### Collected data entries
Lemma D_plus f g x a b : D f x a -> D g x b -> D (fun y => f y + g y) x (a + b).
Proof. exact (derivable_pt_lim_plus f g x a b). Qed.

Lemma D_minus f g x a b : D f x a -> D g x b -> D (fun y => f y - g y) x (a - b).
Proof. exact (derivable_pt_lim_minus f g x a b). Qed.

Lemma D_mult f g x a b :
  D f x a -> D g x b -> D (fun y => f y * g y) x (a * g x + f x * b).
Proof. exact (derivable_pt_lim_mult f g x a b). Qed.

Lemma D_comp f g x a b : D f x a -> D g (f x) b -> D (fun y => g (f y)) x (b * a).
Proof. exact (derivable_pt_lim_comp f g x a b). Qed.

Lemma D_sq f x a : D f x a -> D (fun y => f y ^ 2) x (2 * f x * a).
Proof.
  intros H. eapply D_eq.
  - apply (derivable_pt_lim_ext (fun y => f y * f y)); [intro; ring | apply D_mult; exact H].
  - ring.
Qed.

Lemma D_inv f x a : D f x a -> f x <> 0 -> D (fun y => / f y) x (- a / f x ^ 2).
Proof.
  intros H Hx. eapply D_eq.
  - apply (derivable_pt_lim_ext (div_fct (fun _ => 1) f)); [intro; unfold div_fct, Rdiv; ring|].
    exact (derivable_pt_lim_div _ f x 0 a (D_const 1 x) H Hx).
  - unfold Rsqr. field. exact Hx.
Qed.

Lemma D_sqrt f x a : D f x a -> 0 < f x -> D (fun y => sqrt (f y)) x (a / (2 * sqrt (f x))).
Proof.
  intros H Hx. eapply D_eq.
  - exact (D_comp f sqrt x a _ H (derivable_pt_lim_sqrt _ Hx)).
  - field. apply Rgt_not_eq, sqrt_lt_R0, Hx.
Qed.

Lemma D_exp f x a : D f x a -> D (fun y => exp (f y)) x (exp (f x) * a).
Proof. intros H. exact (D_comp f exp x a _ H (derivable_pt_lim_exp _)). Qed.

### Task description
An exact repetition of all the records above is required.

### Exercise result
Lemma D_plus f g x a b : D f x a -> D g x b -> D (fun y => f y + g y) x (a + b).
Proof. exact (derivable_pt_lim_plus f g x a b). Qed.

Lemma D_minus f g x a b : D f x a -> D g x b -> D (fun y => f y - g y) x (a - b).
Proof. exact (derivable_pt_lim_minus f g x a b). Qed.

Lemma D_mult f g x a b :
  D f x a -> D g x b -> D (fun y => f y * g y) x (a * g x + f x * b).
Proof. exact (derivable_pt_lim_mult f g x a b). Qed.

Lemma D_comp f g x a b : D f x a -> D g (f x) b -> D (fun y => g (f y)) x (b * a).
Proof. exact (derivable_pt_lim_comp f g x a b). Qed.

Lemma D_sq f x a : D f x a -> D (fun y => f y ^ 2) x (2 * f x * a).
Proof.
  intros H. eapply D_eq.
  - apply (derivable_pt_lim_ext (fun y => f y * f y)); [intro; ring | apply D_mult; exact H].
  - ring.
Qed.

Lemma D_inv f x a : D f x a -> f x <> 0 -> D (fun y => / f y) x (- a / f x ^ 2).
Proof.
  intros H Hx. eapply D_eq.
  - apply (derivable_pt_lim_ext (div_fct (fun _ => 1) f)); [intro; unfold div_fct, Rdiv; ring|].
    exact (derivable_pt_lim_div _ f x 0 a (D_const 1 x) H Hx).
  - unfold Rsqr. field. exact Hx.
Qed.

Lemma D_sqrt f x a : D f x a -> 0 < f x -> D (fun y => sqrt (f y)) x (a / (2 * sqrt (f x))).
Proof.
  intros H Hx. eapply D_eq.
  - exact (D_comp f sqrt x a _ H (derivable_pt_lim_sqrt _ Hx)).
  - field. apply Rgt_not_eq, sqrt_lt_R0, Hx.
Qed.

Lemma D_exp f x a : D f x a -> D (fun y => exp (f y)) x (exp (f x) * a).
Proof. intros H. exact (D_comp f exp x a _ H (derivable_pt_lim_exp _)). Qed.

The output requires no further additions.